Crayon Shin-chan: Unkokusai's Ambition (クレヨンしんちゃん 雲黒斎の野望, Kureyon Shinchan: Unkokusai no Yabō), also known as Mr. Smelly's Ambition, is a 1995 anime film. It is the 3rd film based on the popular comedy manga and anime series Crayon Shin-chan. The film is produced by Shin-Ei Animation, the studio behind the anime television.

==Plot==
An officer of 30th century travelling through time using time patrol machine, conducts an emergency landing in deep underground, in the backyard of the Nohara family's house, under Shiro's doghouse.

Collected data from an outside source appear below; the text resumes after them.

(* For the controlled SIR-SI o.d.e.\ in the context, let $\sigma$ be an admissible control with $y_\sigma(T_\sigma)>\rho_{\max}$, and let $\hat\tau=\sup\{t\ge0:\sigma(t)>0\}\in(0,\infty]$. Then the time-threshold control $\sigma_{\hat\tau}$ satisfies $C_{\hat\tau}<C_\sigma$.
   Context: Fix $\lambda>0$, $\beta>0$, $\Gamma\in(0,1]$, initial values $0<x_{d0}\le d_0<1$, a target fraction $\alpha\in(0,1)$ and a tradeoff parameter $\psi>0$. Let $(b(t),d(t))$ solve $\dot b=\beta d$, $\dot d=-\beta d+\lambda\Gamma ds$ with $b(0)=0$, $d(0)=d_0$, where $s=1-b-d$; let $a(t)=b(t)+d(t)$ and $a(\infty)=\lim_{t\to\infty}a(t)$. An admissible control is a piecewise Lipschitz continuous function $\sigma:[0,\infty)\to[0,1]$. For such $\sigma$ let $(x_{b,\sigma},x_{d,\sigma},y_\sigma)$ solve $\dot x_b=\beta x_d+\lambda(b-x_b)(x+y)$, $\dot x_d=\Gamma\lambda(d-x_d)y+\Gamma\lambda x_ds+\lambda(d-x_d)(x+y)-\beta x_d$, $\dot y=-\Gamma\lambda dy+\lambda\sigma(t)(s-y)(x_b+y+(1-\Gamma)x_d)$, where $x=x_b+x_d$, with initial value $(0,x_{d0},0)$; write $x_\sigma=x_{b,\sigma}+x_{d,\sigma}$. Target time: $T_\sigma=\inf\{t\ge0:x_\sigma(t)\ge\alpha a(\infty)\}$. Cost: $C_\sigma=\psi y_\sigma(T_\sigma)+T_\sigma$. For $\tau\in[0,\infty]$ the time-threshold control is $\sigma_\tau(t)=1$ for $0\le t<\tau$ and $\sigma_\tau(t)=0$ for $t\ge\tau$ (so $\sigma_\infty\equiv1$); write $T_\tau,y_\tau,C_\tau$ for $T_{\sigma_\tau},y_{\sigma_\tau},C_{\sigma_\tau}$. $\rho_{\max}:=\sup_{\tau\ge0}y_\tau(T_\tau)$. *)

From Stdlib Require Import Reals.
Open Scope R_scope.

Definition cont_nonneg (f : R -> R) : Prop :=
  forall t, 0 <= t -> limit1_in f (fun s => 0 <= s) (f t) t.

Definition SolBD (lambda beta Gamma d0 : R) (b d : R -> R) : Prop :=
  b 0 = 0 /\ d 0 = d0 /\ cont_nonneg b /\ cont_nonneg d /\
  forall t, 0 < t ->
    derivable_pt_lim b t (beta * d t) /\
    derivable_pt_lim d t (- beta * d t + lambda * Gamma * d t * (1 - b t - d t)).

(* (xb,xd,y) solves the controlled system for control sigma on [0,oo), with
   initial value (0, xd0, 0): continuous on [0,oo) and satisfying the o.d.e.
   at every t > 0 where sigma is continuous (for a piecewise Lipschitz
   control these exceptional points are locally finite). *)
Definition SolX (lambda beta Gamma xd0 : R) (b d sigma : R -> R)
    (xb xd y : R -> R) : Prop :=
  xb 0 = 0 /\ xd 0 = xd0 /\ y 0 = 0 /\
  cont_nonneg xb /\ cont_nonneg xd /\ cont_nonneg y /\
  forall t, 0 < t -> continuity_pt sigma t ->
    let s := 1 - b t - d t in
    let x := xb t + xd t in
    derivable_pt_lim xb t (beta * xd t + lambda * (b t - xb t) * (x + y t)) /\
    derivable_pt_lim xd t
      (Gamma * lambda * (d t - xd t) * y t + Gamma * lambda * xd t * s
       + lambda * (d t - xd t) * (x + y t) - beta * xd t) /\
    derivable_pt_lim y t
      (- Gamma * lambda * d t * y t
       + lambda * sigma t * (s - y t) * (xb t + y t + (1 - Gamma) * xd t)).

Definition lim_infty (a : R -> R) (l : R) : Prop :=
  forall eps, eps > 0 -> exists M, forall t, t >= M -> Rabs (a t - l) < eps.

Definition admissible (sigma : R -> R) : Prop :=
  (forall t, 0 <= t -> 0 <= sigma t <= 1) /\
  exists tn : nat -> R,
    tn 0%nat = 0 /\ (forall n, tn n < tn (S n)) /\
    (forall M, exists n, tn n > M) /\
    forall n, exists L, forall s u,
      tn n <= s < tn (S n) -> tn n <= u < tn (S n) ->
      Rabs (sigma s - sigma u) <= L * Rabs (s - u).

(* Time-threshold control sigma_tau; None encodes tau = oo. *)
Definition threshold (tau : option R) (t : R) : R :=
  match tau with
  | None => 1
  | Some r => if Rlt_dec t r then 1 else 0
  end.

(* T = inf { t >= 0 : x t >= A } (a real number; this forces the set to be
   nonempty). *)
Definition IsTargetTime (x : R -> R) (A T : R) : Prop :=
  (forall t, 0 <= t -> A <= x t -> T <= t) /\
  (forall T', (forall t, 0 <= t -> A <= x t -> T' <= t) -> T' <= T).

(* th = sup { t >= 0 : sigma t > 0 } in (-oo, oo]; None encodes oo. *)
Definition SupPosTime (sigma : R -> R) (th : option R) : Prop :=
  match th with
  | None => forall M, exists t, 0 <= t /\ M < t /\ sigma t > 0
  | Some r => is_lub (fun t => 0 <= t /\ sigma t > 0) r
  end.

Definition RhoSet (lambda beta Gamma xd0 alpha ainf : R) (b d : R -> R)
    (v : R) : Prop :=
  exists tau xb xd y T, 0 <= tau /\
    SolX lambda beta Gamma xd0 b d (threshold (Some tau)) xb xd y /\
    IsTargetTime (fun t => xb t + xd t) (alpha * ainf) T /\
    v = y T.

From Stdlib Require Import Reals Lra Lia Psatz List Classical ClassicalEpsilon.
From Coquelicot Require Import Coquelicot.
Open Scope R_scope.

(* 1. Comparison.  The controlled system is cooperative and its rates increase
      with the control; since sigma <= sigma_tauhat, the trajectory under
      sigma_tauhat dominates the one under sigma componentwise, hence reaches
      the target no later: T' <= T.  Invariance and comparison both follow from
      a quasi-positivity principle for families of functions whose negative
      components have derivatives bounded below by their total negative part.
   2. Terminal value.  y'(T') <= rho_max: for a finite tauhat this is the
      definition of rho_max; for tauhat = oo we switch off at T' + 1, which
      requires a global solution of the switched-off system, built by Picard
      iteration for the (clamped, globally Lipschitz) planar o.d.e. for (xb, xd).
   3. Hence psi y'(T') + T' <= psi rho_max + T < psi y(T) + T. *)

Definition cont_from (a : R) (f : R -> R) : Prop :=
  forall t, a <= t -> limit1_in f (fun s => a <= s) (f t) t.

Definition clip_left (a : R) (f : R -> R) : R -> R := fun t => f (Rmax a t).

Lemma clip_left_eq a f t : a <= t -> clip_left a f t = f t.
Proof. intros; unfold clip_left; rewrite Rmax_right; auto. Qed.

Lemma clip_left_continuous a f : cont_from a f -> forall t, continuity_pt (clip_left a f) t.
Proof.
  intros H t eps Heps.
  destruct (H (Rmax a t) (Rmax_l a t) eps Heps) as [alp [Ha Hal]].
  exists alp; split; auto. intros x [_ Hx]. apply Hal. split; [apply Rmax_l|].
  simpl in *. unfold R_dist in *.
  unfold Rmax; destruct (Rle_dec a x); destruct (Rle_dec a t);
    repeat (apply Rabs_def1 || apply Rabs_def2 in Hx); try lra;
    apply Rabs_def2 in Hx; apply Rabs_def1; lra.
Qed.

Lemma clip_left_derivable a f x l :
  a < x -> derivable_pt_lim f x l -> derivable_pt_lim (clip_left a f) x l.
Proof.
  intros Hx Hd. apply is_derive_Reals. apply is_derive_Reals in Hd.
  apply (is_derive_ext_loc f); [|exact Hd].
  exists (mkposreal (x - a) ltac:(lra)). intros y Hy.
  unfold ball in Hy; simpl in Hy; unfold AbsRing_ball, abs, minus, plus, opp in Hy; simpl in Hy.
  apply Rabs_def2 in Hy. unfold clip_left. rewrite Rmax_right; lra.
Qed.

Lemma cont_from_interior a f t : cont_from a f -> a < t -> continuity_pt f t.
Proof.
  intros H Ht eps Heps. destruct (H t (Rlt_le _ _ Ht) eps Heps) as [alp [Ha Hal]].
  exists (Rmin alp (t - a)); split; [apply Rmin_pos; lra|].
  intros x [_ Hx]. simpl in *. unfold R_dist in *.
  pose proof (Rmin_l alp (t - a)). pose proof (Rmin_r alp (t - a)).
  apply Hal. split; simpl; [apply Rabs_def2 in Hx|unfold R_dist]; lra.
Qed.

The officer takes control over Shiro's body and tells the Nohara family about disturbance in the Sengoku period and requests them for help. They agree to the proposal with hesitance. The three of them wear period-adaptable suits, with Shinnosuke wearing a special suit contrasting the "Save3X" feature

After landing on the ruins of a castle, when some masked people attack them, a swordsman Fubukimaru arrives and fends them off. Fubukimaru tells that Unkokusai killed Fubukimaru's father and mother and captured his sister. Fubukimaru recounts the prophecy, that when castle falls into crisis, "three heroes and one dog" will save it, and believes that the Nohara family are them and asks them to help him defeat Unkokusai. They agree to do so, mostly because one of Unkokusai's henchmen stole Misae's handbag containing important things.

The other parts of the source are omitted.